### WORK REQUEST
Which lines below fall between the one containing "apply: l1_ball_sub_conv_hull; first" and the one containing "move=> Nx_lt; have"? Repeat them exactly, counting both of those lines, and add nothing else.

### PROVIDED INFORMATION

(* Let $\|\cdot\|_W$ be the wedge norm on $\mathbb{R}^p$, with allowed sets $S=\{1,\dots,s\}$, $s\in\{1,\dots,p-1\}$, and associated norms $\Omega^{S^c}$ as in the context. Fix $J\subset\{1,\dots,p\}$ and let $g$ be the gauge norm described in the context. Then $g(\beta)=\|\beta\|_1$ for all $\beta\in\mathbb{R}^p$.
   Context: Let $\mathcal{A}:=\{a\in\mathbb{R}^p: a_j>0 \ \forall j,\ a_1\ge a_2\ge\dots\ge a_p\}$ and $\|\beta\|_W:=\inf_{a\in\mathcal{A}}\frac12\sum_{j=1}^p\big(\beta_j^2/a_j+a_j\big)$. For $S=\{1,\dots,s\}$ let $\mathcal{A}_{S^c}:=\{(a_j)_{j\in S^c}:a\in\mathcal{A}\}$ and $\Omega^{S^c}(\beta_{S^c}):=\inf_{a\in\mathcal{A}_{S^c}}\frac12\sum_{j\in S^c}\big(\beta_j^2/a_j+a_j\big)$; then $\|\beta_S\|_W+\Omega^{S^c}(\beta_{S^c})\le\|\beta\|_W$ for all $\beta$, and $\Upsilon_S(\beta):=\|\beta_S\|_W+\Omega^{S^c}(\beta_{S^c})$. Here $\beta_S$ has entries $\beta_j1\{j\in S\}$. Let $\beta_{f(J)}:=\beta_J-\beta_{J^{c}}$, $\mathrm{flip}_J(B):=\{\beta_{f(J)}:\beta\in B\}$, $\overline{B}:=\bigcup_{S\text{ allowed}}\{\beta:\Upsilon_S(\beta)\le1\}$, $B_g:=\mathrm{Conv}(\overline{B}\cup\mathrm{flip}_J(\overline{B}))$, and $g(x):=\inf\{t>0:x\in tB_g\}$. *)

From HB Require Import structures.
From mathcomp Require Import all_boot all_order all_algebra.
From mathcomp Require Import all_classical all_reals.
Set Implicit Arguments. Unset Strict Implicit. Unset Printing Implicit Defensive.
Import Order.TTheory GRing.Theory Num.Theory.
Local Open Scope classical_set_scope.
Local Open Scope ring_scope.

Section Wedge.
Variables (R : realType) (p : nat).

(* Vectors in R^p are row vectors 'rV[R]_p; coordinate j (0-based) is b 0 j. *)

Definition wedge_cone (a : 'I_p -> R) : Prop :=
  (forall j, 0 < a j) /\ (forall i j : 'I_p, (i <= j)%N -> a j <= a i).

Definition wedge_norm (b : 'rV[R]_p) : R :=
  inf [set (2^-1 * \sum_(j < p) (b 0 j ^+ 2 / a j + a j)) | a in wedge_cone].

(* S = {1,...,s}, i.e. 0-based indices j < s *)
Definition restrS (s : nat) (b : 'rV[R]_p) : 'rV[R]_p :=
  \row_j (if (j < s)%N then b 0 j else 0).

(* Omega^{S^c}(b_{S^c}) = inf over a in A_{S^c} (restrictions of a in A to S^c) *)
Definition OmegaSc (s : nat) (b : 'rV[R]_p) : R :=
  inf [set (2^-1 * \sum_(j < p | (s <= j)%N) (b 0 j ^+ 2 / a j + a j)) | a in wedge_cone].

(* Upsilon_S(b) = ||b_S||_W + Omega^{S^c}(b_{S^c}); OmegaSc only reads
   the coordinates j >= s, i.e. b_{S^c}. *)
Definition UpsS (s : nat) (b : 'rV[R]_p) : R :=
  wedge_norm (restrS s b) + OmegaSc s b.

(* allowed S = {1..s}, s in {1,...,p-1} *)
Definition Bbar : set 'rV[R]_p :=
  [set b | exists s : nat, [/\ (0 < s)%N, (s < p)%N & UpsS s b <= 1]].

Definition flipJ (J : {set 'I_p}) (b : 'rV[R]_p) : 'rV[R]_p :=
  \row_j (if j \in J then b 0 j else - b 0 j).

Definition conv_hull (A : set 'rV[R]_p) : set 'rV[R]_p :=
  [set x | exists (n : nat) (w : 'I_n -> R) (y : 'I_n -> 'rV[R]_p),
     [/\ (forall i, 0 <= w i), \sum_(i < n) w i = 1, (forall i, A (y i))
       & x = \sum_(i < n) w i *: y i]].

Definition Bg (J : {set 'I_p}) : set 'rV[R]_p :=
  conv_hull (Bbar `|` (flipJ J @` Bbar)).

Definition gauge_g (J : {set 'I_p}) (x : 'rV[R]_p) : R :=
  inf [set t : R | 0 < t /\ exists2 b, Bg J b & x = t *: b].

End Wedge.

From HB Require Import structures.
From mathcomp Require Import all_boot all_order all_algebra.
From mathcomp Require Import all_classical all_reals.
From mathcomp Require Import ring lra.
Set Implicit Arguments. Unset Strict Implicit. Unset Printing Implicit Defensive.
Import Order.TTheory GRing.Theory Num.Theory.
Local Open Scope classical_set_scope.
Local Open Scope ring_scope.

(** By AM-GM, [b^2/a + a >= 2|b|] for every weight [a > 0], so [||.||_W],
    [Omega^{S^c}] and hence every [Upsilon_S] dominate the l1 norm of the
    coordinates they see; the l1 norm is invariant under sign flips and convex,
    so [B_g] lies in the unit l1 ball.  Conversely every signed unit vector lies
    in [Bbar]: for [+-e_1] take [S = {1}] and weights [(1, eps, ..., eps)]; for
    [+-e_j], [j > 1], take [S = {1, ..., j-1}], the constant weights [eps] for
    [||.||_W] and weights [1] up to index [j] and [eps] after it for
    [Omega^{S^c}].  In both cases [Upsilon_S <= 1 + O(eps)].  Hence [B_g] is
    the unit l1 ball, whose gauge is the l1 norm. *)

Lemma amgm_norm (R : realFieldType) (c a : R) : 0 < a -> 2 * `|c| <= c ^+ 2 / a + a.
Proof.
move=> a_gt0; have a_neq0 : a != 0 by rewrite gt_eqF.
rewrite -real_normK ?num_real //.
have -> : `|c| ^+ 2 / a + a = 2 * `|c| + (`|c| - a) ^+ 2 / a by field.
by rewrite lerDl divr_ge0 // ?sqr_ge0 ?ltW.
Qed.

Lemma sum_le_single_add (R : numDomainType) (I : finType) (P : pred I)
    (F : I -> R) (j : I) (c eps : R) :
  0 <= c -> 0 <= eps -> (P j -> F j <= c) ->
  (forall i, P i -> i != j -> F i <= eps) ->
  \sum_(i | P i) F i <= c + #|I|%:R * eps.
Proof.
move=> c_ge0 eps_ge0 Fj Fi.
pose G i := (if i == j then c else 0) + eps.
have G_ge0 i : 0 <= G i by rewrite addr_ge0 //; case: eqP.
apply: (@le_trans _ _ (\sum_(i | P i) G i)).
  apply: ler_sum => i; rewrite /G; case: eqVneq => [->|ij] Pi.
    by rewrite ler_wpDr ?Fj.
  by rewrite add0r Fi.
have -> : c + #|I|%:R * eps = \sum_i G i.
  by rewrite big_split /= -big_mkcond big_pred1_eq sumr_const mulr_natl.
by rewrite [X in _ <= X](bigID P) /= lerDl sumr_ge0.
Qed.

Lemma le_of_forall_le_addr (R : realFieldType) (x y C : R) : 0 <= C ->
  (forall eps, 0 < eps -> eps <= 1 -> x <= y + C * eps) -> x <= y.
Proof.
move=> C_ge0 H; apply/ler_addgt0Pr => e e_gt0.
have C1_gt0 : 0 < C + 1 by rewrite ltr_wpDl.
pose eps := Num.min 1 (e / (C + 1)).
have eps_gt0 : 0 < eps by rewrite lt_min ltr01 divr_gt0.
have eps_le1 : eps <= 1 by rewrite ge_min lexx.
have : eps <= e / (C + 1) by rewrite ge_min lexx orbT.
rewrite ler_pdivlMr // => Ceps; apply: (le_trans (H eps eps_gt0 eps_le1)).
by rewrite lerD2l; nra.
Qed.

Section WedgeBounds.
Variables (R : realType) (p : nat).
Implicit Types (b x y : 'rV[R]_p) (a : 'I_p -> R).

Definition wedge_term b a (j : 'I_p) := b 0 j ^+ 2 / a j + a j.

Definition wedge_inf (P : pred 'I_p) b :=
  inf [set 2^-1 * \sum_(j | P j) wedge_term b a j | a in @wedge_cone R p].

Lemma wedge_normE b : wedge_norm b = wedge_inf xpredT b.
Proof. by []. Qed.

Lemma OmegaScE s b : OmegaSc s b = wedge_inf (fun j => s <= j)%N b.
Proof. by []. Qed.

Lemma wedge_term_ge0 b a j : 0 < a j -> 0 <= wedge_term b a j.
Proof. by move=> a_gt0; rewrite addr_ge0 ?divr_ge0 ?sqr_ge0 ?ltW. Qed.

Lemma wedge_term_eq0 b a j : b 0 j = 0 -> wedge_term b a j = a j.
Proof. by rewrite /wedge_term => ->; rewrite expr0n mul0r add0r. Qed.

Lemma l1_le_wedge_inf P b : \sum_(j | P j) `|b 0 j| <= wedge_inf P b.
Proof.
apply: lb_le_inf.
  by exists (2^-1 * \sum_(j | P j) wedge_term b (fun=> 1) j), (fun=> 1).
move=> _ [a [a_gt0 _] <-].
have : \sum_(j | P j) (2 * `|b 0 j|) <= \sum_(j | P j) wedge_term b a j.
  by apply: ler_sum => j _; apply: amgm_norm.
rewrite -mulr_sumr; lra.
Qed.

Lemma wedge_inf_le P b a : wedge_cone a ->
  wedge_inf P b <= 2^-1 * \sum_(j | P j) wedge_term b a j.
Proof.
move=> a_cone; apply: ge_inf; last by exists a.
exists 0 => _ [a' [a'_gt0 _] <-].
by rewrite mulr_ge0 ?invr_ge0 ?sumr_ge0 // => j _; apply: wedge_term_ge0.
Qed.

Definition l1norm b := \sum_(j < p) `|b 0 j|.

Lemma l1norm_ge0 b : 0 <= l1norm b.
Proof. by rewrite sumr_ge0. Qed.

Lemma l1norm0 : l1norm 0 = 0.
Proof. by rewrite /l1norm big1 // => j _; rewrite mxE normr0. Qed.

Lemma l1normD x y : l1norm (x + y) <= l1norm x + l1norm y.
Proof. by rewrite /l1norm -big_split ler_sum // => j _; rewrite mxE ler_normD. Qed.

Lemma l1normZ t b : l1norm (t *: b) = `|t| * l1norm b.
Proof. by rewrite /l1norm mulr_sumr; apply: eq_bigr => j _; rewrite mxE normrM. Qed.

Lemma l1norm_flipJ J b : l1norm (flipJ J b) = l1norm b.
Proof. by apply: eq_bigr => j _; rewrite mxE; case: ifP; rewrite ?normrN. Qed.

Lemma l1norm_le_UpsS s b : l1norm b <= UpsS s b.
Proof.
rewrite /l1norm /UpsS (bigID (fun j : 'I_p => (j < s)%N)) /=.
apply: lerD.
  apply: le_trans (l1_le_wedge_inf _ _); rewrite big_mkcond /=.
  by apply: ler_sum => j _; rewrite mxE; case: ifP; rewrite ?normr0.
by apply: le_trans (l1_le_wedge_inf _ _); under eq_bigl do rewrite -leqNgt.
Qed.

Lemma l1norm_conv_hull (A : set 'rV[R]_p) :
  (forall y, A y -> l1norm y <= 1) -> forall x, conv_hull A x -> l1norm x <= 1.
Proof.
move=> A_le1 _ [n [w [y [w_ge0 w_sum1 Ay ->]]]].
apply: (@le_trans _ _ (\sum_(i < n) w i)); last by rewrite w_sum1.
elim/big_ind2: _ => [|x1 t1 x2 t2 le1 le2|i _]; first by rewrite l1norm0.
  by apply: le_trans (l1normD _ _) _; apply: lerD.
by rewrite l1normZ ger0_norm // ler_piMr ?A_le1.
Qed.

Lemma l1norm_Bbar y : Bbar y -> l1norm y <= 1.
Proof. by case=> s [_ _]; apply: le_trans; apply: l1norm_le_UpsS. Qed.

Lemma l1norm_Bg J x : Bg J x -> l1norm x <= 1.
Proof.
apply: l1norm_conv_hull => y [/l1norm_Bbar //|[z /l1norm_Bbar Bz <-]].
by rewrite l1norm_flipJ.
Qed.

End WedgeBounds.

Section SignedUnitVectors.
Variables (R : realType) (p : nat).

Definition step_weight (j : 'I_p) (eps : R) (i : 'I_p) : R :=
  if (i <= j)%N then 1 else eps.

Lemma step_weight_cone (j : 'I_p) (eps : R) :
  0 < eps -> eps <= 1 -> wedge_cone (step_weight j eps).
Proof.
move=> eps_gt0 eps_le1; split => [i|i k ik]; rewrite /step_weight; first by case: ifP.
by case: (leqP k j) => [kj|_]; [rewrite (leq_trans ik kj) | case: ifP].
Qed.

Lemma step_weight_gt (j : 'I_p) (eps : R) (i : 'I_p) :
  (j < i)%N -> step_weight j eps i = eps.
Proof. by rewrite /step_weight ltnNge => /negbTE ->. Qed.

Variables (b : 'rV[R]_p) (j : 'I_p).
Hypotheses (b_j : b 0 j ^+ 2 = 1) (b_off : forall i, i != j -> b 0 i = 0).

Lemma wedge_term_step_weight (eps : R) : wedge_term b (step_weight j eps) j = 2.
Proof. by rewrite /wedge_term /step_weight leqnn b_j divr1. Qed.

Lemma UpsS_head_le s (eps : R) :
  j = 0%N :> nat -> (0 < s)%N -> 0 < eps -> eps <= 1 -> UpsS s b <= 1 + (p%:R + 1) * eps.
Proof.
move=> j0 s_gt0 eps_gt0 eps_le1; pose a := step_weight j eps.
have a_off i : i != j -> a i = eps.
  by move=> ij; apply: step_weight_gt; rewrite j0 lt0n -j0 (inj_eq val_inj).
have b_restr : restrS s b = b.
  apply/rowP => i; rewrite mxE; case: (eqVneq i j) => [->|/b_off ->].
    by rewrite j0 s_gt0.
  by rewrite if_same.
have W : \sum_i wedge_term b a i <= 2 + p%:R * eps.
  rewrite -[X in X%:R * eps](card_ord p).
  apply: (sum_le_single_add (j := j)) => //; first exact: ltW.
    by rewrite /a wedge_term_step_weight.
  by move=> i _ ij; rewrite wedge_term_eq0 ?b_off ?a_off.
have O : \sum_(i < p | (s <= i)%N) wedge_term b a i <= 0 + p%:R * eps.
  rewrite -[X in X%:R * eps](card_ord p).
  apply: (sum_le_single_add (j := j)) => //; first exact: ltW.
    by rewrite j0 leqNgt s_gt0.
  by move=> i _ ij; rewrite wedge_term_eq0 ?b_off ?a_off.
have a_cone : wedge_cone a := step_weight_cone j eps_gt0 eps_le1.
have := wedge_inf_le xpredT b a_cone; have := wedge_inf_le (fun i => s <= i)%N b a_cone.
rewrite /UpsS b_restr wedge_normE OmegaScE mulrDl mul1r.
have : 0 <= p%:R * eps by rewrite mulr_ge0 ?ler0n ?ltW.
lra.
Qed.

Lemma UpsS_at_le (eps : R) : 0 < eps -> eps <= 1 ->
  UpsS j b <= 1 + (p%:R + 1) * eps.
Proof.
move=> eps_gt0 eps_le1; pose a := step_weight j eps.
have a_cone : wedge_cone a := step_weight_cone j eps_gt0 eps_le1.
have restr0 i : restrS j b 0 i = 0.
  by rewrite mxE; case: ltnP => // ij; rewrite b_off // neq_ltn ij.
have W : \sum_i wedge_term (restrS j b) (fun=> eps) i = p%:R * eps.
  under eq_bigr do rewrite wedge_term_eq0 //.
  by rewrite sumr_const card_ord mulr_natl.
have O : \sum_(i < p | (j <= i)%N) wedge_term b a i <= 2 + p%:R * eps.
  rewrite -[X in X%:R * eps](card_ord p).
  apply: (sum_le_single_add (j := j)) => //.
  - exact: ltW.
  - by rewrite /a wedge_term_step_weight.
  move=> i ji ij; rewrite wedge_term_eq0 ?b_off // /a step_weight_gt //.
  by rewrite ltn_neqAle ji andbT eq_sym.
have const_cone : wedge_cone (fun _ : 'I_p => eps) by split.
have := wedge_inf_le xpredT (restrS j b) const_cone.
have := wedge_inf_le (fun i => j <= i)%N b a_cone.
rewrite /UpsS wedge_normE OmegaScE W mulrDl mul1r.
have : 0 <= p%:R * eps by rewrite mulr_ge0 ?ler0n ?ltW.
lra.
Qed.

Lemma Bbar_unit : (1 < p)%N -> Bbar b.
Proof.
move=> p_gt1; have C_ge0 : 0 <= p%:R + 1 :> R by rewrite addr_ge0 ?ler0n.
have [j0|j_gt0] := posnP j.
- exists 1%N; split => //; apply: (le_of_forall_le_addr C_ge0) => eps.
  exact: UpsS_head_le.
- exists j; split => //; apply: (le_of_forall_le_addr C_ge0) => eps.
  exact: UpsS_at_le.
Qed.

End SignedUnitVectors.

Lemma Bbar_delta (R : realType) (p : nat) (j : 'I_p) : (1 < p)%N ->
  Bbar (delta_mx 0 j : 'rV[R]_p) /\ Bbar (- delta_mx 0 j : 'rV[R]_p).
Proof.
move=> p_gt1; split; apply: (@Bbar_unit _ _ _ j) => //.
- by rewrite mxE !eqxx expr1n.
- by move=> i /negbTE ij; rewrite mxE ij.
- by rewrite !mxE !eqxx sqrrN expr1n.
- by move=> i /negbTE ij; rewrite !mxE ij oppr0.
Qed.

Lemma l1_ball_sub_conv_hull (R : realType) (p : nat) (A : set 'rV[R]_p) :
  (0 < p)%N -> (forall j, A (delta_mx 0 j) /\ A (- delta_mx 0 j)) ->
  forall x, l1norm x <= 1 -> conv_hull A x.
Proof.
move=> p_gt0 A_delta x x_le1.
have p_neq0 : (p%:R : R) != 0 by rewrite pnatr_eq0 -lt0n.
(* The slack [1 - |x|_1] is spread evenly over all [2p] vertices [+-e_j];
   it cancels in the combination, which only sees [w(e_j) - w(-e_j) = x_j]. *)
pose r := (1 - l1norm x) / (2 * p%:R).
have r_ge0 : 0 <= r by rewrite divr_ge0 ?subr_ge0 ?mulr_ge0 ?ler0n.
pose w (i : 'I_(p + p)) : R := match fintype.split i with
  | inl j => (`|x 0 j| + x 0 j) / 2 + r
  | inr j => (`|x 0 j| - x 0 j) / 2 + r end.
pose y (i : 'I_(p + p)) : 'rV[R]_p := match fintype.split i with
  | inl j => delta_mx 0 j
  | inr j => - delta_mx 0 j end.
have split_l (j : 'I_p) : fintype.split (lshift p j) = inl j := unsplitK (inl j).
have split_r (j : 'I_p) : fintype.split (rshift p j) = inr j := unsplitK (inr j).
exists (p + p)%N, w, y; split.
- move=> i; rewrite /w; case: fintype.split => j;
    have := ler_norm (x 0 j); have := ler_norm (- x 0 j); rewrite normrN; lra.
- rewrite big_split_ord /= -big_split /=.
  rewrite (eq_bigr (fun j => `|x 0 j| + 2 * r)) => [|j _]; last first.
    by rewrite /w split_l split_r; field.
  rewrite big_split /= -/(l1norm x) sumr_const card_ord -mulr_natr /r.
  by field.
- by move=> i; rewrite /y; case: fintype.split => j; case: (A_delta j).
- rewrite big_split_ord /= -big_split /= {1}(row_sum_delta x).
  apply: eq_bigr => j _; rewrite /w /y split_l split_r scalerN -scalerBl.
  by congr (_ *: _); field.
Qed.

Lemma Bg_l1_ball (R : realType) (p : nat) (J : {set 'I_p}) : (1 < p)%N ->
  Bg J = [set x : 'rV[R]_p | l1norm x <= 1].
Proof.
move=> p_gt1; apply/seteqP; split => x; first exact: l1norm_Bg.
apply: l1_ball_sub_conv_hull; first exact: ltnW.
by move=> j; have [Bd BNd] := Bbar_delta R j p_gt1; split; left.
Qed.

Section Gauge.
Variables (R : realType) (V : lmodType R) (N : V -> R).
Hypotheses (N_ge0 : forall x, 0 <= N x)
  (N_scale : forall t x, 0 < t -> N (t *: x) = t * N x).

Definition gauge (B : set V) (x : V) : R :=
  inf [set t : R | 0 < t /\ exists2 b, B b & x = t *: b].

Lemma gauge_unit_ball x : gauge [set b | N b <= 1] x = N x.
Proof.
have gauge_mem t : N x < t -> 0 < t /\ exists2 b, N b <= 1 & x = t *: b.
  move=> Nx_lt; have t_gt0 : 0 < t by apply: le_lt_trans Nx_lt.
  split => //; exists (t^-1 *: x); last by rewrite scalerA mulfV ?gt_eqF // scale1r.
  by rewrite N_scale ?invr_gt0 // mulrC ler_pdivrMr // mul1r ltW.
apply/eqP; rewrite eq_le; apply/andP; split.
- apply/ler_addgt0Pr => e e_gt0; apply: ge_inf; last by apply: gauge_mem; rewrite ltrDl.
  by exists 0 => t [t_gt0 _]; apply: ltW.
- apply: lb_le_inf; first by exists (N x + 1); apply: gauge_mem; rewrite ltrDl.
  move=> t [t_gt0 [b Nb ->]]; rewrite N_scale //; exact: ler_piMr (ltW t_gt0) Nb.
Qed.

End Gauge.

Theorem lemma6 (R : realType) (p : nat) (hp : (1 < p)%N) (J : {set 'I_p})
  (b : 'rV[R]_p) :
  gauge_g J b = \sum_(j < p) `|b 0 j|.
Proof.
have -> : gauge_g J b = gauge (Bg J) b by [].
rewrite Bg_l1_ball //; apply: gauge_unit_ball; first exact: l1norm_ge0.
by move=> t x t_gt0; rewrite l1normZ gtr0_norm.
Qed.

### COMPLETED TASK
apply: l1_ball_sub_conv_hull; first exact: ltnW.
by move=> j; have [Bd BNd] := Bbar_delta R j p_gt1; split; left.
Qed.

Section Gauge.
Variables (R : realType) (V : lmodType R) (N : V -> R).
Hypotheses (N_ge0 : forall x, 0 <= N x)
  (N_scale : forall t x, 0 < t -> N (t *: x) = t * N x).

Definition gauge (B : set V) (x : V) : R :=
  inf [set t : R | 0 < t /\ exists2 b, B b & x = t *: b].

Lemma gauge_unit_ball x : gauge [set b | N b <= 1] x = N x.
Proof.
have gauge_mem t : N x < t -> 0 < t /\ exists2 b, N b <= 1 & x = t *: b.
  move=> Nx_lt; have t_gt0 : 0 < t by apply: le_lt_trans Nx_lt.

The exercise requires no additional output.